Some researchers are concerned about the potential for a pandemic in Denmark’s otter new coronavirus variant, while others say more research is needed before the current COVID-19 vaccine candidate can be effective against the new strain,media BGR reported. The Danish government has previously announced that it will cull up to 17 million otters to prevent the new coronavirus variant from infecting more people – a variant of the virus that has infected at least 12 people.
It’s unclear how dangerous the mutation is for vaccine research, but researchers from Denmark have begun sharing genome sequences of the otter mutation.
Recently, the Danish government announced that it will kill as many as 17 million otters in the country, effectively destroying the entire mink fur industry in the country, shocked the world. Officials chose this radical approach because of the potentially dangerous mutation of the new coronavirus in captive otters. Danish media reported that the mutated new coronavirus has infected at least 12 people. Researchers worry that the new strain could be so dangerous that it could effectively de-effect the current COVID-19 vaccine candidate. Now, a new report brings more trouble because some researchers believe the mutated new coronavirus strain has the potential for a pandemic. Others, meanwhile, called for calm.
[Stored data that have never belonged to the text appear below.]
Section ClassInvariance.
Variables (N : nat) (a c a' c' p q r s l : int).
Hypotheses (N_gt0 : (0 < N)%N) (pqrs : p * s - q * (r * N%:Z) = 1) (l_sign : l = 1 \/ l = -1).
Hypotheses (a'E : a' = l * (p * a + q * c)) (c'E : c' = l * (r * N%:Z * a + s * c)).

Lemma den_gcd_equiv : den_gcd N c' = den_gcd N c.
Proof.
have coNs : coprimez N%:Z s.
  by apply/coprimezP; exists (- (q * r), p) => /=; rewrite -pqrs; ring.
have : gcdz c' N%:Z = gcdz c N%:Z.
  have -> : gcdz c' N%:Z = gcdz (r * N%:Z * a + s * c) N%:Z.
    by rewrite c'E /gcdz abszM; case: l_sign => -> /=; rewrite mul1n.
  by rewrite gcdzC (mulrC r) -mulrA (mulrC N%:Z) gcdzMDl Gauss_gcdzr // gcdzC.
by case.
Qed.

Lemma cusp_residue_equiv : cusp_residue N a' c' = cusp_residue N a c.
Proof.
have [C1 [d' [[_ NE dE _ _] [d_gt0 _ _]]]] := den_gcd_decomp c N_gt0.
have cE := divzK_den_gcd N c; have c'E' := divzK_den_gcd N c'.
rewrite /cusp_residue den_gcd_equiv in c'E' *.
set d := den_gcd N c in NE dE d_gt0 cE c'E' *; set g := gcd_compl N d in NE dE *.
set w := width N c in NE; set c1 := (c %/ d%:Z)%Z in cE *; set c1' := (c' %/ d%:Z)%Z in c'E' *.
have NZ : N%:Z = g%:Z * d'%:Z * (g%:Z * w%:Z) by rewrite NE dE !PoszM.
have dZ : d%:Z = g%:Z * d'%:Z by rewrite dE PoszM.
have c1'E : c1' = l * (r * g%:Z * w%:Z * a + s * c1).
  apply: (mulIf (_ : d%:Z != 0)); first by apply/eqP; lia.
  by rewrite -c'E' c'E cE NZ dZ; ring.
(* a' c1' = (p a + q c) (r g w a + s c1) = p s a c1 = a c1 (mod g), as g | c and
   p s = 1 (mod N). *)
congr absz; apply/eqP; rewrite eqz_mod_dvd; apply/dvdzP.
exists ((p * a + q * c1 * d'%:Z * g%:Z) * r * w%:Z * a + q * c1 * d'%:Z * s * c1
        + a * c1 * q * r * d'%:Z * g%:Z * w%:Z).
have ll : l * l = 1 by case: l_sign => ->.
rewrite a'E c1'E cE dZ mulrACA ll mul1r.
by apply: (eq_lincomb1 (k := a * c1) pqrs); rewrite NZ; ring.
Qed.

End ClassInvariance.

Lemma cusp_class_equiv N x y : (0 < N)%N -> cusp_equiv N x y -> cusp_class N x = cusp_class N y.
Proof.
move=> N_gt0; rewrite -[x in cusp_equiv _ x]cusp_ofK -[y in cusp_equiv _ _ y]cusp_ofK.
move=> /(cusp_equiv_cusp_of (coprimez_cusp x) (coprimez_cusp y)).
move=> [p [q [r [s [l [pqrs l_sign a'E c'E]]]]]].
rewrite /cusp_class (den_gcd_equiv pqrs l_sign c'E).
by rewrite (cusp_residue_equiv N_gt0 pqrs l_sign a'E c'E).
Qed.

Definition coprime_shift (u f : nat) : nat := (\prod_(p <- primes f | ~~ (p %| u)) p)%N.

Lemma coprime_add_shift u g f : coprime u g -> (0 < f)%N ->
  coprime (u + coprime_shift u f * g) f.
Proof.
move=> co_ug f_gt0; rewrite /coprime.
have [gcd_le1|gcd_gt1] := leqP (gcdn (u + coprime_shift u f * g) f) 1.
  by rewrite eqn_leq gcd_le1 gcdn_gt0 f_gt0 orbT.
have p_prime := pdiv_prime gcd_gt1; set p := pdiv _ in p_prime.
have p_sum : (p %| u + coprime_shift u f * g)%N by apply: dvdn_trans (pdiv_dvd _) (dvdn_gcdl _ _).
have p_f : (p %| f)%N by apply: dvdn_trans (pdiv_dvd _) (dvdn_gcdr _ _).
have p_shift : (p %| coprime_shift u f)%N = ~~ (p %| u)%N.
  rewrite Euclid_dvd_prod // big_has_cond; apply/hasP/idP.
    move=> [q]; rewrite mem_primes => /and3P[q_prime _ _] /andP[q_u].
    by rewrite dvdn_prime2 // => /eqP ->.
  by move=> p_u; exists p; rewrite ?mem_primes ?p_prime ?f_gt0 ?p_f //= p_u dvdnn.
case p_u : (p %| u)%N; move: p_sum.
  rewrite dvdn_addr // Euclid_dvdM // p_shift p_u /= => p_g.
  have : (p %| gcdn u g)%N by rewrite dvdn_gcd p_u.
  by rewrite (eqP co_ug) dvdn1 => /eqP p1; move: (prime_gt1 p_prime); rewrite p1.
have p_shift_g : (p %| coprime_shift u f * g)%N by rewrite dvdn_mulr // p_shift p_u.
by rewrite dvdn_addl // p_u.
Qed.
“At worst, we’re going to have a new pandemic in Denmark, ” Professor Kåre Mølbak told the Guardian. “There’s a risk that this mutated virus is so different from other viruses that we have to add something new to the vaccine, so it’s going to hit us all over the world back to where we started.” Mølbak is a vaccine expert and director of infectious diseases at the Danish National Serum Institute (SSI).
“We know there are measures in place to deal with the virus, including testing and infection control, and as far as we know, the outbreak will be contained,” the expert added. However, after those 12 people were infected with the mutant virus, otters were considered a public health risk, as recommended by SSI.
Allan Randrup Thomasen, a virologist at the University of Copenhagen, told the Guardian that there were still risks in the country. “This variant could develop so much that it’s completely resistant, and then the vaccine doesn’t matter, ” the professor said. “So we need to take the variation out of the equation. So it’s serious. Thomsen told local media that Denmark should close the mink farm because of its risks.
The researchers haven’t fully detailed the mutation and need more data. However, a Dutch virologist has provided some details about the new coronavirus mutation in otters. “It seems that the otter mutation was found in the prickly glycerin of the Sars-Cov-2 virus, but we don’t really know,” Wim van der Poel told the newspaper. “We don’t know what kind of vaccine we’re going to have. So more research is needed. “
He said countries should avoid allowing the virus to spread in otters and other animals, such as slugs and moths, even if there is no mutation. “We assume that it is also a risk in the Netherlands, but our fur farming industry has been phased out. After the end of this year, there is no fur production. “If the virus frantically spreads in these animal populations,” you’ll have a ‘cistern’ in our local wildlife, and we could be re-infected even before we get a good vaccine. “
Earlier this year, the Dutch government was one of the first countries to order the culling of otters when it became clear that the animals could infect pathogens and transmit them to humans.
Researchers don’t know if the mutated new coronavirus can spread well to humans, but 12 people infected in Denmark have reason to be concerned. Ian Jones, a virologist at the University of Reading, explained to the Guardian that the virus had to adapt in animals to get into cells. Therefore, it will “modify the hedgehog glycoprotein so that this happens effectively”.
He continued: “The danger is that the mutated virus could spread back into the body and evade any vaccine response, which was originally designed for the original, non-mutant version of the hedgehog, rather than adapting to the otter version.” “
Finnish experts believe that Denmark’s decision to cull all otter populations in farms is too extreme. Instead, they recommended control measures that were already effective at home. None of Finland’s 150 mink farms are considered COVID-19.
For other experts, Stat points out, concerns that mutated viruses may pose a higher risk to humans may be exaggerated. It may be too early to draw conclusions about the Danish coronavirus strain identified by the local government, and there are still many unknowns. Outside experts have yet to come into contact with genetic sequencing data. But Denmark has uploaded 500 gene sequences to a database open to researchers on Thursday and will upload more.
The researchers told Stat that a single mutation may not be as dangerous, and that early detection of mutations is good news — things that are usually not discovered until they spread more widely. The best example is SARS-CoV-2, whose animal origin remains a mystery.
When the new coronavirus began to spread in humans, no one actively followed it. Now, the entire team of geneticists is closely following SARS-CoV-2, so when a mutation occurs, it can be determined immediately. Tracking mutations is a key step in ensuring that vaccines work. In this case, the researchers may be one step ahead of a pathogen that has been shown to have the potential for a pandemic.